_Your goal_
Return each line in the records below that includes "ltngtP".

_Excerpted data_
(* The containment relation $\ge$ is a partial order on the set $[\mathrm{Cay}]$ of equivalence classes of Cayley permutations.
   Context: A Cayley permutation is a word of positive integers in which every integer from $1$ to its maximum occurs; $\mathrm{Cay}$ is the set of all of them. Containment $y\le x$: indices $i_1<\dots<i_k$ ($k$ the length of $y$) with $x(i_s)<x(i_t)\iff y(s)<y(t)$ and $x(i_s)=x(i_t)\iff y(s)=y(t)$. For $x$ of length $n$, $\gamma(x)$ is the permutation obtained by sorting the pairs $(x(i),i)$ increasingly by first coordinate, ties by decreasing second coordinate, and reading the second coordinates. $x\sim y$ iff $\gamma(x)=\gamma(y)$; $[x]$ is the class of $x$ and $[\mathrm{Cay}]$ the set of classes. For classes, $[x]\ge[y]$ iff $x'\ge y'$ for some $x'\in[x]$ and $y'\in[y]$. *)

(* Words are seq nat; indices are 0-based (irrelevant for gamma-equality). *)
From mathcomp Require Import all_boot.
Set Implicit Arguments. Unset Strict Implicit. Unset Printing Implicit Defensive.

Definition wmax (x : seq nat) : nat := foldr maxn 0 x.

Definition is_cay (x : seq nat) : Prop :=
  all (fun a => 0 < a) x /\ forall k, 1 <= k <= wmax x -> k \in x.

Definition contains (x y : seq nat) : Prop :=
  exists idx : seq nat,
    [/\ size idx = size y, sorted ltn idx, all (fun i => i < size x) idx &
        forall s t, s < size y -> t < size y ->
          (nth 0 x (nth 0 idx s) < nth 0 x (nth 0 idx t) <-> nth 0 y s < nth 0 y t) /\
          (nth 0 x (nth 0 idx s) = nth 0 x (nth 0 idx t) <-> nth 0 y s = nth 0 y t)].

Definition gamma_rel (p q : nat * nat) : bool :=
  (p.1 < q.1) || ((p.1 == q.1) && (q.2 <= p.2)).

Definition gamma (x : seq nat) : seq nat :=
  map snd (sort gamma_rel (zip x (iota 0 (size x)))).

Definition cay_equiv (x y : seq nat) : Prop := gamma x = gamma y.

Definition class_ge (x y : seq nat) : Prop :=
  exists x' y', [/\ is_cay x', is_cay y', cay_equiv x' x, cay_equiv y' y & contains x' y'].

From mathcomp Require Import all_boot.
Set Implicit Arguments. Unset Strict Implicit. Unset Printing Implicit Defensive.

(* gamma x lists the positions of x sorted by the total order "i before j iff
   x(i) < x(j), or x(i) = x(j) and j <= i", so x ~ y exactly when x and y have
   the same length and induce the same order on positions.  An increasing
   embedding of y into x pulls this order back along the embedding.  Hence the
   identity embedding gives reflexivity.  Since ~ preserves length and
   containment cannot increase it, mutual containment forces the embedding to be
   the identity, whence antisymmetry.  For transitivity, given x' >= y' and
   y'' >= z' with y' ~ y'', the two embeddings compose because y' and y'' order
   their positions alike; standardizing the resulting subword of x' yields a
   Cayley permutation with the same order on positions, hence in the class of z'. *)

Lemma sorted_indexE (T : eqType) (r : rel T) (s : seq T) :
  reflexive r -> antisymmetric r -> transitive r -> sorted r s ->
  {in s &, forall a b, r a b = (index a s <= index b s)}.
Proof.
move=> r_refl r_anti r_trans s_sorted a b a_s b_s; apply/idP/idP; last first.
  exact: (sorted_leq_index r_trans r_refl s_sorted).
move=> rab; rewrite leqNgt; apply/negP => lt_ba.
have rba := sorted_ltn_index r_trans s_sorted b a b_s a_s lt_ba.
by move: lt_ba; rewrite (r_anti a b) ?rab ?rba // ltnn.
Qed.

Lemma sorted_ltn_nth_leq (idx : seq nat) : sorted ltn idx ->
  {in gtn (size idx) &, {mono nth 0 idx : s t / s <= t}}.
Proof. by move=> idx_sorted; apply/leq_mono_in/(sorted_ltn_nth ltn_trans). Qed.

Lemma sorted_ltn_iota (idx : seq nat) n :
  size idx = n -> sorted ltn idx -> all (gtn n) idx -> idx = iota 0 n.
Proof.
move=> idx_size idx_sorted idx_range.
apply: (irr_sorted_eq ltn_trans ltnn idx_sorted (iota_ltn_sorted 0 n)).
have idx_uniq : uniq idx.
  by apply: sorted_uniq idx_sorted; [exact: ltn_trans | exact: ltnn].
have idx_sub : {subset idx <= iota 0 n}.
  by move=> i /(allP idx_range); rewrite mem_iota add0n.
by have [] := uniq_min_size idx_uniq idx_sub; rewrite size_iota idx_size.
Qed.

Definition gamma_ord (x : seq nat) : rel nat :=
  fun i j => gamma_rel (nth 0 x i, i) (nth 0 x j, j).

Section GammaOrder.
Variable x : seq nat.

Lemma gamma_ord_refl : reflexive (gamma_ord x).
Proof. by move=> i; rewrite /gamma_ord /gamma_rel /= eqxx leqnn orbT. Qed.

Lemma gamma_ord_total : total (gamma_ord x).
Proof.
move=> i j; rewrite /gamma_ord /gamma_rel /=.
by case: (ltngtP (nth 0 x i) (nth 0 x j)) => //= _; apply: leq_total.
Qed.

Lemma gamma_ord_trans : transitive (gamma_ord x).
Proof.
move=> j i k; rewrite /gamma_ord /gamma_rel /=.
case/orP=> [lt_ij|/andP[/eqP eq_ij le_ji]]; case/orP=> [lt_jk|/andP[/eqP eq_jk le_kj]].
- by rewrite (ltn_trans lt_ij lt_jk).
- by rewrite -eq_jk lt_ij.
- by rewrite eq_ij lt_jk.
- by rewrite eq_ij eq_jk eqxx (leq_trans le_kj le_ji) orbT.
Qed.

Lemma gamma_ord_anti : antisymmetric (gamma_ord x).
Proof.
move=> i j; rewrite /gamma_ord /gamma_rel /=.
case: (ltngtP (nth 0 x i) (nth 0 x j)) => //= _ /andP[le_ji le_ij].
by apply/eqP; rewrite eqn_leq le_ij le_ji.
Qed.

Lemma gammaE : gamma x = sort (gamma_ord x) (iota 0 (size x)).
Proof.
rewrite /gamma.
have -> : zip x (iota 0 (size x)) = map (fun i => (nth 0 x i, i)) (iota 0 (size x)).
  apply: (@eq_from_nth _ (0, 0)); first by rewrite size_zip size_map size_iota minnn.
  move=> i; rewrite size_zip size_iota minnn => lt_i.
  by rewrite nth_zip ?size_iota // (nth_map 0) ?size_iota // nth_iota.
by rewrite sort_map -map_comp map_id.
Qed.

Lemma size_gamma : size (gamma x) = size x.
Proof. by rewrite gammaE size_sort size_iota. Qed.

Lemma mem_gamma i : (i \in gamma x) = (i < size x).
Proof. by rewrite gammaE mem_sort mem_iota. Qed.

Lemma sorted_gamma : sorted (gamma_ord x) (gamma x).
Proof. by rewrite gammaE; apply: sort_sorted gamma_ord_total _. Qed.

Lemma gamma_ordE :
  {in gtn (size x) &,
    forall i j, gamma_ord x i j = (index i (gamma x) <= index j (gamma x))}.
Proof.
move=> i j lt_i lt_j; apply: sorted_indexE; rewrite ?mem_gamma //.
- exact: gamma_ord_refl.
- exact: gamma_ord_anti.
- exact: gamma_ord_trans.
- exact: sorted_gamma.
Qed.

End GammaOrder.

Lemma gamma_eqP x y :
  gamma x = gamma y <-> size x = size y /\ {in gtn (size x) &, gamma_ord x =2 gamma_ord y}.
Proof.
split=> [eq_xy | [eq_size eq_ord]].
  have eq_size : size x = size y by rewrite -size_gamma eq_xy size_gamma.
  by split=> // i j lt_i lt_j; rewrite !gamma_ordE -?eq_size // eq_xy.
rewrite !gammaE -eq_size.
apply: (sorted_eq (@gamma_ord_trans x) (@gamma_ord_anti x)).
- exact: sort_sorted (@gamma_ord_total x) _.
- rewrite (@eq_in_sorted _ (gtn (size x)) _ (gamma_ord y)) //.
    exact: sort_sorted (@gamma_ord_total y) _.
  by apply/allP=> i; rewrite mem_sort mem_iota.
- by rewrite perm_sort perm_sym perm_sort.
Qed.

Lemma cay_equiv_size x y : cay_equiv x y -> size x = size y.
Proof. by rewrite /cay_equiv => /gamma_eqP[]. Qed.

(* [contains x y] unfolds to [exists idx, embeds x y idx]. *)
Definition embeds (x y idx : seq nat) : Prop :=
  [/\ size idx = size y, sorted ltn idx, all (fun i => i < size x) idx &
      forall s t, s < size y -> t < size y ->
        (nth 0 x (nth 0 idx s) < nth 0 x (nth 0 idx t) <-> nth 0 y s < nth 0 y t) /\
        (nth 0 x (nth 0 idx s) = nth 0 x (nth 0 idx t) <-> nth 0 y s = nth 0 y t)].

Definition order_iso (u v : seq nat) : Prop :=
  size u = size v /\ forall s t, s < size u -> t < size u ->
    (nth 0 u s < nth 0 u t <-> nth 0 v s < nth 0 v t) /\
    (nth 0 u s = nth 0 u t <-> nth 0 v s = nth 0 v t).

Section Embeddings.
Variables x y idx : seq nat.
Hypothesis x_embeds_y : embeds x y idx.

Lemma size_embeds : size y <= size x.
Proof.
case: x_embeds_y => idx_size idx_sorted idx_range _.
rewrite -idx_size -(size_iota 0 (size x)); apply: uniq_leq_size.
  by apply: sorted_uniq idx_sorted; [exact: ltn_trans | exact: ltnn].
by move=> i /(allP idx_range); rewrite mem_iota add0n.
Qed.

Lemma gamma_ord_embeds :
  {in gtn (size y) &,
    forall s t, gamma_ord y s t = gamma_ord x (nth 0 idx s) (nth 0 idx t)}.
Proof.
case: x_embeds_y => idx_size idx_sorted _ same_pattern s t lt_s lt_t.
have [same_lt same_eq] := same_pattern s t lt_s lt_t.
rewrite /gamma_ord /gamma_rel /= sorted_ltn_nth_leq ?inE ?idx_size //.
congr (_ || (_ && _)); first by apply/idP/idP => /same_lt.
by apply/eqP/eqP => /same_eq.
Qed.

Lemma gamma_embeds_full : size y = size x -> gamma y = gamma x.
Proof.
move=> eq_size; case: (x_embeds_y) => idx_size idx_sorted idx_range _.
have idx_id : idx = iota 0 (size x) by apply: sorted_ltn_iota; rewrite ?idx_size.
apply/gamma_eqP; split=> // s t lt_s lt_t.
by rewrite gamma_ord_embeds // idx_id !nth_iota -?eq_size.
Qed.

Lemma embeds_order_iso y' : order_iso y' y -> embeds x y' idx.
Proof.
case: x_embeds_y => idx_size idx_sorted idx_range same_pattern [eq_size iso].
split=> //; first by rewrite eq_size.
move=> s t lt_s lt_t; rewrite -eq_size in same_pattern.
have [lt_x eq_x] := same_pattern s t lt_s lt_t; have [lt_y eq_y] := iso s t lt_s lt_t.
by split; [apply: iff_trans lt_x (iff_sym lt_y) | apply: iff_trans eq_x (iff_sym eq_y)].
Qed.

End Embeddings.

Lemma embeds_id x : embeds x x (iota 0 (size x)).
Proof.
split; rewrite ?size_iota ?iota_ltn_sorted //; first by apply/allP => i; rewrite mem_iota.
by move=> s t lt_s lt_t; rewrite !nth_iota.
Qed.

Lemma embeds_subseq x idx : sorted ltn idx -> all (fun i => i < size x) idx ->
  embeds x (map (nth 0 x) idx) idx.
Proof.
move=> idx_sorted idx_range; split; rewrite ?size_map //.
by move=> s t lt_s lt_t; rewrite !(nth_map 0).
Qed.

Section Standardization.
Variable w : seq nat.
Let vals := sort leq (undup w).

Definition standardize := map (fun v => (index v vals).+1) w.

Let mem_vals v : (v \in vals) = (v \in w).
Proof. by rewrite mem_sort mem_undup. Qed.

Let leq_vals : {in vals &, forall a b, (a <= b) = (index a vals <= index b vals)}.
Proof.
apply: sorted_indexE; [exact: leqnn | exact: anti_leq | exact: leq_trans |].
exact: sort_sorted leq_total _.
Qed.

Lemma standardize_order_iso : order_iso standardize w.
Proof.
have size_std : size standardize = size w by apply: size_map.
split=> // s t; rewrite size_std => lt_s lt_t.
have ws_vals : nth 0 w s \in vals by rewrite mem_vals mem_nth.
have wt_vals : nth 0 w t \in vals by rewrite mem_vals mem_nth.
rewrite !(nth_map 0) // ltnS !ltnNge [nth 0 w t <= _]leq_vals //.
by split=> //; split=> [[/(index_inj 0 ws_vals wt_vals)] | ->].
Qed.

Lemma standardize_cay : is_cay standardize.
Proof.
split=> [|k /andP[k_gt0 k_le]]; first by apply/allP => v /mapP[a _ ->].
have max_le : wmax standardize <= size vals.
  by rewrite /wmax foldrE; apply/bigmax_leqP_seq => _ /mapP[a a_w ->] _;
     rewrite index_mem mem_vals.
have lt_k : k.-1 < size vals by rewrite prednK // (leq_trans k_le).
apply/mapP; exists (nth 0 vals k.-1); first by rewrite -mem_vals mem_nth.
by rewrite index_uniq // ?prednK // /vals sort_uniq undup_uniq.
Qed.

End Standardization.

Lemma embeds_cay_subseq x idx : sorted ltn idx -> all (fun i => i < size x) idx ->
  exists2 z, is_cay z & embeds x z idx.
Proof.
move=> idx_sorted idx_range; exists (standardize (map (nth 0 x) idx)).
  exact: standardize_cay.
exact/embeds_order_iso/standardize_order_iso/embeds_subseq.
Qed.

Lemma embeds_comp x y y' z idx idx' :
  embeds x y idx -> gamma y = gamma y' -> embeds y' z idx' ->
  exists2 z', is_cay z' & gamma z' = gamma z /\ embeds x z' (map (nth 0 idx) idx').
Proof.
move=> x_y eq_yy' y'_z; have [idx_size idx_sorted idx_range _] := x_y.
have [idx'_size idx'_sorted idx'_range _] := y'_z.
have [eq_size eq_ord] := iffLR (gamma_eqP y y') eq_yy'.
have lt_idx' i : i \in idx' -> i < size y by rewrite eq_size => /(allP idx'_range).
have comp_sorted : sorted ltn (map (nth 0 idx) idx').
  rewrite sorted_map; apply: (sub_in_sorted (P := gtn (size idx))) idx'_sorted.
    by move=> a b lt_a lt_b; apply: (sorted_ltn_nth ltn_trans).
  by apply/allP => i /lt_idx'; rewrite idx_size.
have comp_range : all (fun i => i < size x) (map (nth 0 idx) idx').
  apply/allP => _ /mapP[i /lt_idx' lt_i ->].
  by rewrite (allP idx_range) ?mem_nth ?idx_size.
have [z' z'_cay x_z'] := embeds_cay_subseq comp_sorted comp_range.
exists z' => //; split=> //; apply/gamma_eqP.
have [z'_size _ _ _] := x_z'; rewrite size_map idx'_size in z'_size.
split=> // s t; rewrite -z'_size => lt_s lt_t.
have lt_s' : nth 0 idx' s < size y by rewrite lt_idx' ?mem_nth ?idx'_size.
have lt_t' : nth 0 idx' t < size y by rewrite lt_idx' ?mem_nth ?idx'_size.
rewrite (gamma_ord_embeds x_z') -?z'_size // !(nth_map 0) ?idx'_size //.
by rewrite -(gamma_ord_embeds x_y) // eq_ord // (gamma_ord_embeds y'_z).
Qed.

Lemma class_ge_refl x : is_cay x -> class_ge x x.
Proof.
by move=> x_cay; exists x, x; split=> //; exists (iota 0 (size x)); apply: embeds_id.
Qed.

Lemma class_ge_anti x y : class_ge x y -> class_ge y x -> cay_equiv x y.
Proof.
move=> [x1 [y1 [_ _ x1x y1y [idx1 x1_y1]]]] [y2 [x2 [_ _ y2y x2x [idx2 y2_x2]]]].
have eq_size : size y1 = size x1.
  apply/eqP; rewrite eqn_leq (size_embeds x1_y1) (cay_equiv_size x1x) -(cay_equiv_size x2x).
  by rewrite (leq_trans (size_embeds y2_x2)) // (cay_equiv_size y2y) -(cay_equiv_size y1y).
by rewrite /cay_equiv -x1x -y1y (gamma_embeds_full x1_y1).
Qed.

Lemma class_ge_trans x y z : class_ge x y -> class_ge y z -> class_ge x z.
Proof.
move=> [x1 [y1 [x1_cay _ x1x y1y [idx1 x1_y1]]]] [y2 [z2 [_ _ y2y z2z [idx2 y2_z2]]]].
have y1y2 : gamma y1 = gamma y2 by rewrite y1y y2y.
have [z' z'_cay [z'z2 x1_z']] := embeds_comp x1_y1 y1y2 y2_z2.
by exists x1, z'; split=> //; [rewrite /cay_equiv z'z2 | exists (map (nth 0 idx1) idx2)].
Qed.

Theorem proposition4p15 :
  (forall x, is_cay x -> class_ge x x) /\
  (forall x y, is_cay x -> is_cay y -> class_ge x y -> class_ge y x -> cay_equiv x y) /\
  (forall x y z, is_cay x -> is_cay y -> is_cay z ->
     class_ge x y -> class_ge y z -> class_ge x z).
Proof.
split; first exact: class_ge_refl.
split=> [x y _ _ | x y z _ _ _]; [exact: class_ge_anti | exact: class_ge_trans].
Qed.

_Result of the task_
by case: (ltngtP (nth 0 x i) (nth 0 x j)) => //= _; apply: leq_total.
case: (ltngtP (nth 0 x i) (nth 0 x j)) => //= _ /andP[le_ji le_ij].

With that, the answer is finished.